Because of convenience, we’ll never give up mobility. With a mobile device you’re always connected to your office from a doctor’s waiting room; you can see if your agency has sent out an urgent notice while you’re meeting a friend for lunch; or you can check out a new citizen portal while riding Metro. That’s not to mention keeping up with family and friends on social networks, monitoring your kids’ vacation schedules, buying holiday presents at a retailer with a quick scan, or checking what temperature your home will be when you arrive.

And the tablet you might have gotten as a gift last holiday season works essentially the same way as – and are just as vulnerable as – a mobile computer, even if many people don’t think of them that way. The great part is this is just the beginning. We can’t even imagine what mobile devices of the future will look and act like, as we’re in a period where technology evolves faster than any other time in history.

But there’s a flip side to all this convenience, and that’s the risks inherent in mobile computing.
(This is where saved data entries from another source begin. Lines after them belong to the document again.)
(* Let $n\ge 1$ and let $T$ be a tree chosen uniformly at random among all labeled trees on the vertex set $\{1,\dots,n\}$. For a tree with vertex degrees $k_1,\dots,k_n$, let $\langle k^2\rangle=\frac{1}{n}\sum_{i=1}^n k_i^2$ and $E_0[C]=\frac{n}{6}\left(n-1-\langle k^2\rangle\right)$. Then \[ E\big[E_0[C]\big]=\frac{1}{6}(n-1)\left(n-5+\frac{6}{n}\right)=\frac{n^2}{6}-n+\frac{11}{6}-\frac{1}{n}, \] where the outer expectation is over the uniformly random labeled tree $T$.
   Context: For a tree on $n$ vertices, $E_0[C]=\frac{n}{6}(n-1-\langle k^2\rangle)$ is the expected number of pairs of edges that cross when the vertices are placed at positions $1,\dots,n$ by a uniformly random permutation (two edges $\{s,t\}$, $\{u,v\}$ cross iff exactly one of the positions of $s,t$ lies strictly between the positions of $u$ and $v$, the other lying strictly outside that interval). *)

From HB Require Import structures.
From mathcomp Require Import all_boot all_order all_algebra.
Set Implicit Arguments. Unset Strict Implicit. Unset Printing Implicit Defensive.
Import Order.TTheory GRing.Theory Num.Theory.

(* A simple graph on the vertex set 'I_n (vertices 1..n of the paper are
   0..n-1 here) is a set of edges, each edge a 2-element set of vertices. *)
Definition simple_graph (n : nat) (E : {set {set 'I_n}}) : bool :=
  [forall e in E, #|e| == 2].

Definition adj (n : nat) (E : {set {set 'I_n}}) : rel 'I_n :=
  fun x y => (x != y) && ([set x; y] \in E).

Definition connected (n : nat) (E : {set {set 'I_n}}) : bool :=
  [forall x, forall y, connect (adj E) x y].

(* A cycle: a closed walk x, p_1, ..., p_k, x with k >= 2 and all of
   x, p_1, ..., p_k pairwise distinct.  Since the vertices are distinct,
   k < n, so quantifying over k : 'I_n loses nothing. *)
Definition has_cycle (n : nat) (E : {set {set 'I_n}}) : bool :=
  [exists x : 'I_n, exists k : 'I_n, exists p : k.-tuple 'I_n,
    [&& 2 <= size p, path (adj E) x p, uniq (x :: p) & adj E (last x p) x]].

Definition is_tree (n : nat) (E : {set {set 'I_n}}) : bool :=
  [&& simple_graph E, connected E & ~~ has_cycle E].

Definition labeled_trees (n : nat) : {set {set {set 'I_n}}} :=
  [set E | is_tree E].

Local Open Scope ring_scope.

Definition degree (n : nat) (E : {set {set 'I_n}}) (i : 'I_n) : nat :=
  #|[set e in E | i \in e]|.

Definition mean_sq_degree (n : nat) (E : {set {set 'I_n}}) : rat :=
  (\sum_(i < n) ((degree E i) ^ 2)%:R) / n%:R.

Definition E0C (n : nat) (E : {set {set 'I_n}}) : rat :=
  n%:R / 6%:R * (n%:R - 1 - mean_sq_degree E).

Definition expected_E0C (n : nat) : rat :=
  (\sum_(E in labeled_trees n) E0C E) / #|labeled_trees n|%:R.

From mathcomp Require Import all_boot all_order all_algebra.
From mathcomp Require Import zify ring.
Import GRing.Theory Num.Theory.
Set Implicit Arguments. Unset Strict Implicit. Unset Printing Implicit Defensive.

(* For n >= 2, decoding Prüfer sequences is a bijection from the (n-2)-tuples of
   vertices onto the labeled trees on n vertices, under which the degree of a
   vertex is one more than its number of occurrences in the tuple; in particular
   there are n^(n-2) trees.  The sum of (1 + c_i)^2 over all tuples obeys a linear
   recurrence in the tuple length, which gives E[sum_i k_i^2] = (n-1)(5n-6)/n.
   Since E_0[C] is affine in sum_i k_i^2, the formula follows. *)

Lemma set2_injr (T : finType) (l a v : T) : l != a -> [set l; a] = [set l; v] -> a = v.
Proof.
move=> la e; have: a \in [set l; v] by rewrite -e !inE eqxx orbT.
by rewrite !inE eq_sym (negbTE la) => /eqP.
Qed.
(* Let an $m$-stage explicit Runge--Kutta method with coefficients $(A,b)$ and step-size coefficient $\gamma=\gamma(A,b)$ be given. Consider a problem of the form $$u_k'(t)=q_k(u(t),t)\,\frac{u_{k-1}(t)-u_k(t)}{\Delta x},\quad k=1,\dots,N,\qquad u_0:=u_N,\qquad u_k(t_0)=u_k^0,$$ with $N\ge1$, $\Delta x>0$, real initial data $u^0\in\mathbb{R}^N$ and functions $q_k:\mathbb{R}^N\times\mathbb{R}\to\mathbb{R}$. Suppose the time step $\Delta t$ and the mesh width $\Delta x$ are chosen so that $$0\le \Delta t\,\frac{q_k(u,t)}{\Delta x}\le\gamma,\qquad k=1,\dots,N,$$ for all values $u,t$. Let $u_{\max}=\max_k u_k^0$ and $u_{\min}=\min_k u_k^0$. Then the numerical solution $u^n$ produced by the Runge--Kutta method applied to this problem satisfies $u^n_k\in[u_{\min},u_{\max}]$ for all $k$ and all $n\ge0$.
   Context: An explicit Runge--Kutta (ERK) method with $m$ stages is given by a strictly lower-triangular matrix $A=(a_{ij})\in\mathbb{R}^{m\times m}$ and a vector $b\in\mathbb{R}^m$; its nodes are $c_i=\sum_j a_{ij}$. Applied to the ODE system above with step $\Delta t$ and $t_n=t_0+n\Delta t$, one step from $u^n\in\mathbb{R}^N$ is $$y^i_k=u^n_k+\sum_{j=1}^{i-1}a_{ij}\xi^j_k\,(y^j_{k-1}-y^j_k),\ i=1,\dots,m,\qquad u^{n+1}_k=u^n_k+\sum_{i=1}^m b_i\xi^i_k\,(y^i_{k-1}-y^i_k),$$ with $\xi^j_k=\frac{\Delta t}{\Delta x}q_k(y^j,t_n+c_j\Delta t)$ and indices taken periodically ($y_0:=y_N$). Positivity polynomials: treat the $\xi^j_\ell$ ($1\le j\le m$, $\ell\in\mathbb{Z}$) as independent variables and apply the same recursion formally on the infinite grid $\ell\in\mathbb{Z}$; then $u^{n+1}_k=\sum_{i=0}^m P_i(\xi)\,u^n_{k-i}$, where $P_0,\dots,P_m$ are polynomials in the $m(m+1)/2$ variables $\xi^j_\ell$, $1\le j\le m$, $k-(m-j)\le\ell\le k$, which (written in terms of the relative variables $\xi^j_{k-s}$) depend only on $(A,b)$ and not on $k$. The (positivity) step-size coefficient is $$\gamma(A,b):=\sup\{\delta\ge0:\ P_i(\xi)\ge0\ \text{for each }0\le i\le m\text{ and all }\xi\in[0,\delta]^{m(m+1)/2}\},$$ with $\gamma(A,b):=0$ if this set is empty. *)

From Stdlib Require Import Reals ZArith List Arith.
From Coquelicot Require Import Rbar Lub.
Open Scope R_scope.

Fixpoint sumR (n : nat) (f : nat -> R) : R :=
  match n with
  | O => 0
  | S n' => sumR n' f + f n'
  end.

(* Stages are numbered
   0..m-1 (paper: 1..m).  [F j y k] is the increment xi^j_k (y_{k-1} - y_k)
   of stage j evaluated on stage vector y.  Only a_{ij} with j < i is used
   (A strictly lower triangular). *)
Fixpoint erk_stages {I : Type} (A : nat -> nat -> R)
    (F : nat -> (I -> R) -> I -> R) (u : I -> R) (n : nat) : list (I -> R) :=
  match n with
  | O => nil
  | S i =>
      let l := erk_stages A F u i in
      l ++ (fun k => u k + sumR i (fun j => A i j * F j (nth j l u) k)) :: nil
  end.

Definition erk_step {I : Type} (m : nat) (A : nat -> nat -> R) (b : nat -> R)
    (F : nat -> (I -> R) -> I -> R) (u : I -> R) : I -> R :=
  let ys := erk_stages A F u m in
  fun k => u k + sumR m (fun i => b i * F i (nth i ys u) k).

Definition node (A : nat -> nat -> R) (i : nat) : R := sumR i (fun j => A i j).

(* Positivity polynomial P_i evaluated at xi (xi j l = xi^{j}_l on the
   infinite grid Z), taking k = 0: coefficient of u_{-i} in u^{n+1}_0,
   obtained by feeding the unit vector at -i (the map is linear in u). *)
Definition pos_poly (m : nat) (A : nat -> nat -> R) (b : nat -> R)
    (i : nat) (xi : nat -> Z -> R) : R :=
  erk_step m A b (fun j y l => xi j l * (y (l - 1)%Z - y l))
    (fun l => if Z.eqb l (- Z.of_nat i)%Z then 1 else 0) 0%Z.

Definition pos_ok (m : nat) (A : nat -> nat -> R) (b : nat -> R) (d : R) : Prop :=
  0 <= d /\
  forall xi : nat -> Z -> R,
    (forall j l, 0 <= xi j l <= d) ->
    forall i, (i <= m)%nat -> 0 <= pos_poly m A b i xi.

Definition gamma (m : nat) (A : nat -> nat -> R) (b : nat -> R) : Rbar :=
  Lub_Rbar (pos_ok m A b).

Definition prevN (N k : nat) : nat := if Nat.eqb k 1 then N else (k - 1)%nat.

Fixpoint rk_sol (m : nat) (A : nat -> nat -> R) (b : nat -> R) (N : nat)
    (dx dt t0 : R) (q : nat -> (nat -> R) -> R -> R) (u0 : nat -> R)
    (n : nat) : nat -> R :=
  match n with
  | O => u0
  | S n' =>
      let tn := t0 + INR n' * dt in
      erk_step m A b
        (fun j y k => dt / dx * q k y (tn + node A j * dt) * (y (prevN N k) - y k))
        (rk_sol m A b N dx dt t0 q u0 n')
  end.

Fixpoint umax_of (N : nat) (u : nat -> R) : R :=
  match N with
  | O => u 1%nat
  | S O => u 1%nat
  | S N' => Rmax (umax_of N' u) (u N)
  end.
Fixpoint umin_of (N : nat) (u : nat -> R) : R :=
  match N with
  | O => u 1%nat
  | S O => u 1%nat
  | S N' => Rmin (umin_of N' u) (u N)
  end.

From Stdlib Require Import Reals ZArith List Lra Lia Classical FunctionalExtensionality.
From Coquelicot Require Import Rbar Lub.
Open Scope R_scope.

(* On the infinite grid, one Runge-Kutta step with frozen coefficients xi is
   linear, maps constants to themselves and has stencil {k-m, ..., k}; hence
   u^{n+1}_0 = sum_{i <= m} P_i(xi) u^n_{-i} with sum_i P_i(xi) = 1.  The
   periodic nonlinear problem reduces to this by freezing q at the actual stage
   values and extending the data periodically.  When the frozen coefficients
   lie in [0, gamma], all P_i(xi) are nonnegative (at the supremum gamma itself
   by continuity of P_i along rays), so every new value is a convex combination
   of old ones and stays in [min u^0, max u^0]. *)

Lemma sumR_ext n f g : (forall i, (i < n)%nat -> f i = g i) -> sumR n f = sumR n g.
Proof.
  induction n as [|n IH]; intros Hfg; simpl; [reflexivity|].
  rewrite IH by (intros; apply Hfg; lia). rewrite Hfg by lia. reflexivity.
Qed.

Lemma sumR_zero n : sumR n (fun _ => 0) = 0.
Proof. induction n as [|n IH]; simpl; [|rewrite IH]; ring. Qed.

Lemma sumR_lincomb n a c f g :
  sumR n (fun i => a * f i + c * g i) = a * sumR n f + c * sumR n g.
Proof. induction n as [|n IH]; simpl; [|rewrite IH]; ring. Qed.

Lemma sumR_nonneg n f : (forall i, (i < n)%nat -> 0 <= f i) -> 0 <= sumR n f.
Proof.
  induction n as [|n IH]; intros Hf; simpl; [lra|].
  pose proof (Hf n ltac:(lia)). pose proof (IH ltac:(intros; apply Hf; lia)). lra.
Qed.

Lemma term_le_sumR n f i :
  (forall i, (i < n)%nat -> 0 <= f i) -> (i < n)%nat -> f i <= sumR n f.
Proof.
  induction n as [|n IH]; intros Hf Hi; simpl; [lia|].
  assert (Hn := Hf n ltac:(lia)).
  destruct (Nat.eq_dec i n) as [->|Hne].
  - pose proof (sumR_nonneg n f ltac:(intros; apply Hf; lia)). lra.
  - pose proof (IH ltac:(intros; apply Hf; lia) ltac:(lia)). lra.
Qed.

Lemma sumR_single n f i0 : (i0 < n)%nat ->
  (forall i, (i < n)%nat -> i <> i0 -> f i = 0) -> sumR n f = f i0.
Proof.
  induction n as [|n IH]; intros Hi0 Hf; simpl; [lia|].
  destruct (Nat.eq_dec i0 n) as [->|Hne].
  - rewrite (sumR_ext n f (fun _ => 0)), sumR_zero by (intros; apply Hf; lia). ring.
  - rewrite IH by first [lia | intros; apply Hf; lia]. rewrite (Hf n) by lia. ring.
Qed.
Ensuring that our personal smartphones and tablets don’t get penetrated is not top of mind for most of us, but you can be certain the subject can keep your agency’s IT and security staff up at night. That’s because of the interconnected nature of what we do: combining our workplace and all its data with our social life, personal life and family. That’s a lot of information to keep secure.

This isn’t just my opinion; the experts who compiled the McAfee Labs’ Q3 Threat Report saw a major uptick in threats against the Android mobile platform. As these devices are increasingly popular with consumers, they’re also becoming more popular with cyber criminals, and we saw a one-third increase in attacks (to nearly 700,000 incidents) between Q2 and Q3 of this year.

So what’s the answer? Ban mobile devices in the workplace? Some agencies have tried, but it’s a difficult policy to enforce. Other departments or agencies allow mobile devices but restrict their functions or activities. The best solution is to think of security from a global perspective because of how interconnected mobile devices have become.

At McAfee we’re experts at doing just that. And we’re not just targeting today’s threats but anticipating tomorrow’s as well. Yet it’s not just your cyber security company that has to be on guard. We all have to watch out that cybercriminals or other grinches don’t steal Christmas, Chanukah or a Happy New Year. We want you to enjoy this holiday season safely, and I hope you do just that!